Hacker News new | ask | show | jobs
by hodgesrm 2124 days ago
Sure! Sorry to be so obscure, it was not a good explanation. To take the above example, let's say you have a database with 1TB of tabular data in Amazon.

1. You start out storing it on Amazon gp2 Elastic Block Store, which is fast block storage available on the network. It costs about $0.10 US per month per GB, so that's $102.40 per month.

2. Data (sadly) has a habit of getting destroyed in accidents so we normally replicate to at least one other location. Let's say we just replicate once. You are now up to $204.80 per month.

Now we have a couple of ways of reducing costs.

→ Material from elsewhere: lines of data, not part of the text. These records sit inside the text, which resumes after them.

(* Let $P$ be the uniform distribution on $[0,1]$ and $\beta=\{\frac14,\frac12\}$. The conditional optimal set of three-points for $P$ with respect to $\beta$ is $\alpha_3=\{\frac14,\frac12,\frac56\}$, with $V_3=\frac{77}{6912}$ ($\approx0.01114$).
   Context: For a Borel probability measure $P$ on $\mathbb{R}$ and finite $\beta$ with $\mathrm{card}(\beta)=r$, for $n\ge r$, $V_n=\inf\{\int\min_{a\in\alpha\cup\beta}(x-a)^2dP(x):\mathrm{card}(\alpha)\le n-r\}$; a set $\alpha\cup\beta$ attaining the infimum, with each point of $\beta$ having a Voronoi region of positive $P$-measure, is a conditional optimal set of $n$-points with respect to $\beta$. *)

From HB Require Import structures.
From mathcomp Require Import all_boot all_order all_algebra finmap.
From mathcomp Require Import all_classical all_reals all_analysis.
Set Implicit Arguments. Unset Strict Implicit. Unset Printing Implicit Defensive.
Import Order.TTheory GRing.Theory Num.Theory.
Local Open Scope classical_set_scope.
Local Open Scope fset_scope.
Local Open Scope ring_scope.

Section CondQuant.
Variables (R : realType) (P : probability (measurableTypeR R) R).

Definition sqdist (S : {fset R}) (x : R) : \bar R :=
  \big[Order.min/+oo%E]_(a <- S) ((x - a) ^+ 2)%:E.

Definition distortion (S : {fset R}) : \bar R :=
  (\int[P]_x sqdist S x)%E.

Definition condV (beta : {fset R}) (n : nat) : \bar R :=
  ereal_inf [set distortion (alpha `|` beta) | alpha in
               [set alpha : {fset R} | (#|` alpha| <= n - #|` beta|)%N]].

Definition voronoi (S : {fset R}) (b : R) : set R :=
  [set x | forall a, a \in S -> `|x - b| <= `|x - a|].

Definition cond_optimal (beta : {fset R}) (n : nat) (S : {fset R}) : Prop :=
  (#|` beta| <= n)%N /\
  exists alpha : {fset R}, [/\ (#|` alpha| <= n - #|` beta|)%N,
    S = alpha `|` beta,
    distortion S = condV beta n &
    forall b, b \in beta -> (0 < P (voronoi S b))%E].

End CondQuant.

From HB Require Import structures.
From mathcomp Require Import all_boot all_order all_algebra finmap.
From mathcomp Require Import all_classical all_reals all_analysis.
From mathcomp Require Import measurable_realfun ring lra.
Import Order.TTheory GRing.Theory Num.Theory.
Import numFieldNormedType.Exports.
Local Open Scope classical_set_scope.
Local Open Scope fset_scope.
Local Open Scope ring_scope.

(* Since beta has two points, an admissible alpha has at most one point a, so
   the candidate sets are {a, 1/4, 1/2}.  If a <= 1/2 or a >= 3/2, the point
   1/2 is nearest on [1/2, 1], which alone costs 1/24.  Otherwise the Voronoi
   cells are [0, 3/8], [3/8, (a + 1/2)/2] and [(a + 1/2)/2, 1]; integrating the
   squared distance cell by cell gives the distortion
   77/6912 + (a - 5/6)^2 (11 - 6a)/24, which is minimal exactly at a = 5/6. *)

Lemma ler_norm_sqr (R : realDomainType) (u v : R) :
  (`|u| <= `|v|) = (u ^+ 2 <= v ^+ 2).
Proof. by rewrite -ler_sqr ?nnegrE ?normr_ge0 // !real_normK ?num_real. Qed.

Lemma fsetU_fset2_card_le1 (K : choiceType) (alpha : {fset K}) (b c : K) :
  (#|` alpha| <= 1)%N -> exists a, alpha `|` [fset b; c] = [fset a; b; c].
Proof.
rewrite leq_eqVlt ltnS leqn0 => /orP[/cardfs1P[a ->]|/eqP/cardfs0_eq ->].
- by exists a; rewrite fsetUA.
- by exists b; rewrite fset0U fsetUid.
Qed.

Section sqdist_on_the_line.
Context {R : realType}.
Notation mu := (@lebesgue_measure R).
Implicit Types (S : {fset R}) (a b c p l r x : R).

Lemma sqdist_ge0 S x : (0 <= sqdist S x)%E.
Proof. by apply: le_bigmin => [|p _]; rewrite ?leey ?lee_fin ?sqr_ge0. Qed.

Lemma measurable_sqdist S : measurable_fun setT (sqdist S).
Proof.
rewrite /sqdist; elim: (enum_fset S) => [|p s IH].
  by apply: eq_measurable_fun (measurable_cst +oo%E) => x _; rewrite big_nil.
have msqr : measurable_fun setT (fun x => ((x - p) ^+ 2)%:E).
  by apply/measurable_EFinP/measurable_funX/measurable_funB.
by apply: eq_measurable_fun (measurable_mine msqr IH) => x _; rewrite big_cons.
Qed.

Lemma sqdist_voronoi S p x :
  p \in S -> voronoi S p x -> sqdist S x = ((x - p) ^+ 2)%:E.
Proof.
move=> pS px; rewrite /sqdist big_seq; apply/le_anti/andP; split.
  exact: ge_bigmin_seq.
apply: le_bigmin => [|q qS]; first exact: leey.
by rewrite lee_fin -ler_norm_sqr; apply: px.
Qed.

Lemma measurable_voronoi S p : measurable (voronoi S p).
Proof.
have -> : voronoi S p = \bigcap_(a in [set` S]) [set x | `|x - p| <= `|x - a|].
  by apply/seteqP; split=> x /= px a; apply: px.
apply: fin_bigcap_measurable => [|a _]; first exact: finite_fset.
rewrite -[X in measurable X]setTI.
by apply: measurable_fun_ler => //; apply: measurableT_comp => //; apply: measurable_funB.
Qed.

Lemma itv_sub_voronoi_fset3 a b c p l r :
  (forall x, l <= x <= r -> (x - p) ^+ 2 <= (x - a) ^+ 2) ->
  (forall x, l <= x <= r -> (x - p) ^+ 2 <= (x - b) ^+ 2) ->
  (forall x, l <= x <= r -> (x - p) ^+ 2 <= (x - c) ^+ 2) ->
  (`[l, r] `<=` voronoi [fset a; b; c] p)%classic.
Proof.
move=> pa pb pc x /=; rewrite in_itv /= => lxr q.
by rewrite !inE -orbA ler_norm_sqr => /or3P[]/eqP->; [exact: pa|exact: pb|exact: pc].
Qed.

Lemma integral_itv_sqrB p c d : c < d ->
  (\int[mu]_(x in `[c, d]) ((x - p) ^+ 2)%:E =
   (((d - p) ^+ 3 - (c - p) ^+ 3) / 3)%:E)%E.
Proof.
move=> cd.
pose q : {poly R} := 3^-1 *: (('X - p%:P) * ('X - p%:P) * ('X - p%:P)).
have qE x : q.[x] = 3^-1 * (x - p) ^+ 3 by rewrite /q !hornerE; ring.
rewrite (continuous_FTC2 (F := horner q) cd).
- by rewrite !qE -EFinB; congr (_%:E); ring.
- apply: continuous_subspaceT => x.
  have -> : (fun x => (x - p) ^+ 2) = horner (('X - p%:P) ^+ 2).
    by apply/funext => y; rewrite !hornerE.
  exact: continuous_horner.
- split.
  + by move=> x _; exact: derivable_horner.
  + exact/cvg_at_right_filter/continuous_horner.
  + exact/cvg_at_left_filter/continuous_horner.
- move=> x _; rewrite derive1E (@derive_val _ _ _ _ _ _ _ (is_derive_poly q x)).
  by rewrite /q !(derivZ, derivM, derivB, derivX, derivC) !hornerE; field.
Qed.

Lemma integral_sqdist_cell S p c d : c < d -> p \in S ->
  (`[c, d] `<=` voronoi S p)%classic ->
  (\int[mu]_(x in `[c, d]) sqdist S x =
   (((d - p) ^+ 3 - (c - p) ^+ 3) / 3)%:E)%E.
Proof.
move=> cd pS cell; rewrite -integral_itv_sqrB //.
by apply: eq_integral => x /[!inE] /cell; exact: sqdist_voronoi.
Qed.

Lemma ge0_integral_itv_split (f : R -> \bar R) c d e :
  measurable_fun setT f -> (forall x, 0 <= f x)%E -> c <= d -> d <= e ->
  (\int[mu]_(x in `[c, e]) f x =
   \int[mu]_(x in `[c, d]) f x + \int[mu]_(x in `[d, e]) f x)%E.
Proof.
move=> mf f0 cd de.
rewrite (@itv_bndbnd_setU _ _ (BLeft c) (BRight d) (BRight e)) ?bnd_simp //.
rewrite ge0_integral_setU //=; last 2 first.
- exact: measurable_funTS.
- apply/disj_setPS => x [/=]; rewrite !in_itv/= => /andP[_ xd] /andP[dx _].
  by move: (lt_le_trans dx xd); rewrite ltxx.
by rewrite integral_itv_obnd_cbnd //; exact: measurable_funTS.
Qed.

End sqdist_on_the_line.

Section uniform_distribution.
Context {R : realType} (a b : R) (ab : a < b).
Notation mu := (@lebesgue_measure R).

Lemma uniform_prob_itv c d : a <= c -> c < d -> d <= b ->
  uniform_prob ab `[c, d] = ((d - c) / (b - a))%:E.
Proof.
move=> ac cd db; rewrite /uniform_prob (eq_integral (fun=> ((b - a)^-1)%:E)).
  by rewrite integral_cst //= lebesgue_measure_itv /= lte_fin cd -EFinD -EFinM mulrC.
move=> x /[!inE] /= /[!in_itv] /andP[cx xd].
by rewrite /uniform_pdf ifT //; apply/andP; split; [exact: le_trans cx|exact: le_trans db].
Qed.

Lemma uniform_prob_gt0 (U : set R) c d : measurable U ->
  a <= c -> c < d -> d <= b -> (`[c, d] `<=` U)%classic -> (0 < uniform_prob ab U)%E.
Proof.
move=> mU ac cd db cdU; apply: (@lt_le_trans _ _ (uniform_prob ab `[c, d])).
  by rewrite uniform_prob_itv // lte_fin divr_gt0 // subr_gt0.
by apply: le_measure => //; rewrite inE.
Qed.

Lemma distortion_uniform S : distortion (uniform_prob ab) S =
  (((b - a)^-1)%:E * \int[mu]_(x in `[a, b]) sqdist S x)%E.
Proof. exact: integral_uniform (measurable_sqdist S) (sqdist_ge0 S). Qed.

End uniform_distribution.

Section quarter_half_example.
Context {R : realType}.
Notation mu := (@lebesgue_measure R).
Notation P := (uniform_prob (@ltr01 R)).
Notation centers a := [fset a; 4^-1; 2^-1].
Notation D a := (distortion P (centers a)).
Implicit Types a : R.

Let D_integral a :
  D a = (\int[mu]_(x in `[0%R, 1%R]) sqdist (centers a) x)%E.
Proof. by rewrite distortion_uniform subr0 invr1 mul1e. Qed.

Lemma distortion_far a : a <= 2^-1 \/ 3 / 2 <= a -> ((24^-1)%:E <= D a)%E.
Proof.
move=> far; rewrite D_integral.
have -> : 24^-1 = ((1 - 2^-1) ^+ 3 - (2^-1 - 2^-1) ^+ 3) / 3 :> R by field.
rewrite -(@integral_sqdist_cell _ (centers a) 2^-1) //; last 3 first.
- lra.
- by rewrite !inE eqxx orbT.
- by apply: itv_sub_voronoi_fset3 => x /andP[? ?]; nra.
apply: ge0_subset_integral => //.
- exact: measurable_funTS (measurable_sqdist _).
- by move=> x _; exact: sqdist_ge0.
- by apply: subset_itvr; rewrite bnd_simp; lra.
Qed.

Lemma distortion_mid a : 2^-1 < a < 3 / 2 ->
  D a = (77 / 6912 + (a - 5 / 6) ^+ 2 * ((11 - 6 * a) / 24))%:E.
Proof.
move=> /andP[a1 a2].
have msq := @measurable_sqdist R (centers a).
have sq0 := @sqdist_ge0 R (centers a).
rewrite D_integral (ge0_integral_itv_split _ 0 (3 / 8) 1 msq sq0); [|lra|lra].
rewrite (ge0_integral_itv_split _ (3 / 8) ((a + 2^-1) / 2) 1 msq sq0); [|lra|lra].
rewrite (@integral_sqdist_cell _ _ 4^-1); [|lra| |]; last 2 first.
- by rewrite !inE eqxx !orbT.
- by apply: itv_sub_voronoi_fset3 => x /andP[? ?]; nra.
rewrite (@integral_sqdist_cell _ _ 2^-1); [|lra| |]; last 2 first.
- by rewrite !inE eqxx !orbT.
- by apply: itv_sub_voronoi_fset3 => x /andP[? ?]; nra.
rewrite (@integral_sqdist_cell _ _ a); [|lra| |]; last 2 first.
- by rewrite !inE eqxx.
- by apply: itv_sub_voronoi_fset3 => x /andP[? ?]; nra.
by rewrite -!EFinD; congr EFin; field.
Qed.

Lemma distortion_leif a : ((77 / 6912)%:E <= D a ?= iff (a == 5 / 6))%O.
Proof.
have [mid|not_mid] := boolP (2^-1 < a < 3 / 2).
- rewrite distortion_mid //; move/andP: mid => [_ a2]; split.
    by rewrite lee_fin lerDl mulr_ge0 ?sqr_ge0 // divr_ge0 //; lra.
  have pos : 0 < (11 - 6 * a) / 24 by lra.
  rewrite eqe -subr_eq0 opprD addrA subrr add0r oppr_eq0 mulf_eq0 (gt_eqF pos).
  by rewrite orbF sqrf_eq0 subr_eq0.
- have far : a <= 2^-1 \/ 3 / 2 <= a.
    by move: not_mid; rewrite negb_and -!leNgt => /orP.
  have lt_far : ((77 / 6912)%R%:E < D a)%E.
    by apply: (lt_le_trans _ (distortion_far a far)); rewrite lte_fin; lra.
  split; first exact: ltW.
  by rewrite lt_eqF //; apply/esym/negbTE; apply/eqP => a56; case: far; lra.
Qed.

Lemma voronoi_centers_gt0 b : b \in [fset 4^-1; 2^-1] ->
  (0 < P (voronoi (centers (5 / 6)%R) b))%E.
Proof.
rewrite !inE => /orP[]/eqP->.
- apply: (@uniform_prob_gt0 _ _ _ _ _ 0 (3 / 8));
    [exact: measurable_voronoi|lra|lra|lra|].
  by apply: itv_sub_voronoi_fset3 => x /andP[? ?]; nra.
- apply: (@uniform_prob_gt0 _ _ _ _ _ (3 / 8) (2 / 3));
    [exact: measurable_voronoi|lra|lra|lra|].
  by apply: itv_sub_voronoi_fset3 => x /andP[? ?]; nra.
Qed.

End quarter_half_example.

Theorem proposition3p2 (R : realType) :
  let P := uniform_prob (@ltr01 R) in
  let beta : {fset R} := [fset 4^-1; 2^-1] in
  let alpha3 : {fset R} := [fset 4^-1; 2^-1; 5 / 6] in
  [/\ cond_optimal P beta 3 alpha3,
      (forall S, cond_optimal P beta 3 S -> S = alpha3) &
      condV P beta 3 = (77 / 6912 : R)%:E].
Proof.
move=> P beta alpha3.
have card_beta : #|` beta| = 2%N by rewrite cardfs2; case: eqP => // ?; exfalso; lra.
have admissible alpha : (#|` alpha| <= 3 - #|` beta|)%N ->
    exists a, alpha `|` beta = [fset a; 4^-1; 2^-1].
  by rewrite card_beta; exact: fsetU_fset2_card_le1.
have alpha3E : alpha3 = [fset 5 / 6] `|` beta by rewrite /alpha3 fsetUC.
have D56 : distortion P alpha3 = (77 / 6912)%:E.
  by rewrite alpha3E fsetUA; apply/esym/eqP; rewrite (distortion_leif _).2.
have V3 : condV P beta 3 = (77 / 6912)%:E.
  apply/le_anti/andP; split.
    rewrite -D56 alpha3E; apply: ereal_inf_lbound.
    by exists [fset 5 / 6]; rewrite //= cardfs1 card_beta.
  apply: le_ereal_inf_tmp => _ [alpha /admissible[a ->] <-].
  exact: (distortion_leif a).1.
split => //.
- split; first by rewrite card_beta.
  exists [fset 5 / 6]; split => //; first by rewrite cardfs1 card_beta.
  + by rewrite D56 V3.
  + by rewrite alpha3E fsetUA; exact: voronoi_centers_gt0.
- move=> S [_ [alpha [/admissible[a Ea] -> DS _]]].
  rewrite Ea alpha3E fsetUA; congr [fset _; _; _]; apply/eqP.
  by rewrite -(distortion_leif a).2 -Ea DS V3.
Qed.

1. We could make the block storage itself cheaper thanks to inside knowledge of how it works plus clever financial engineering. However, the _most_ that can get us is about 5x savings, because prices for similar classes of storage are not that different. The real discount is more like 2x if we want to make money and be reasonably speedy. You likely have to do engineering work--like implementing blended storage--for this latter approach, so it's not free. So, we're back to $102.40 per month.

2. Or, we could build a better database.

2a.) Let's first build a database that can store data in S3 object storage instead of block storage. Now our storage costs about $0.02 per GB per month. Plus S3 is replicated, so we can maybe just keep a single copy. We're down to $10.28 per month but we had to rewrite the database to get it, because S3 behaves very differently from block storage and we have to build clever caches to work on it.

2b.) But wait! There's more. We could also arrange tabular data in columns rather than rows, which allows us to apply very efficient compression. Let's say the compression reduces size by 90% overall. We're now down to just $1.03 per month. Again, we had to rewrite the database, but we got a huge savings in return, like 100x.

The moral is that clever arrangement of data just about always beats financial shenanigans, usually by a wide margin. The primary reason that Amazon has done well in data services like Redshift and Aurora is partly that they have been extremely smart about data services, not any inherent advantage as platform owners.

Edit: fixed math error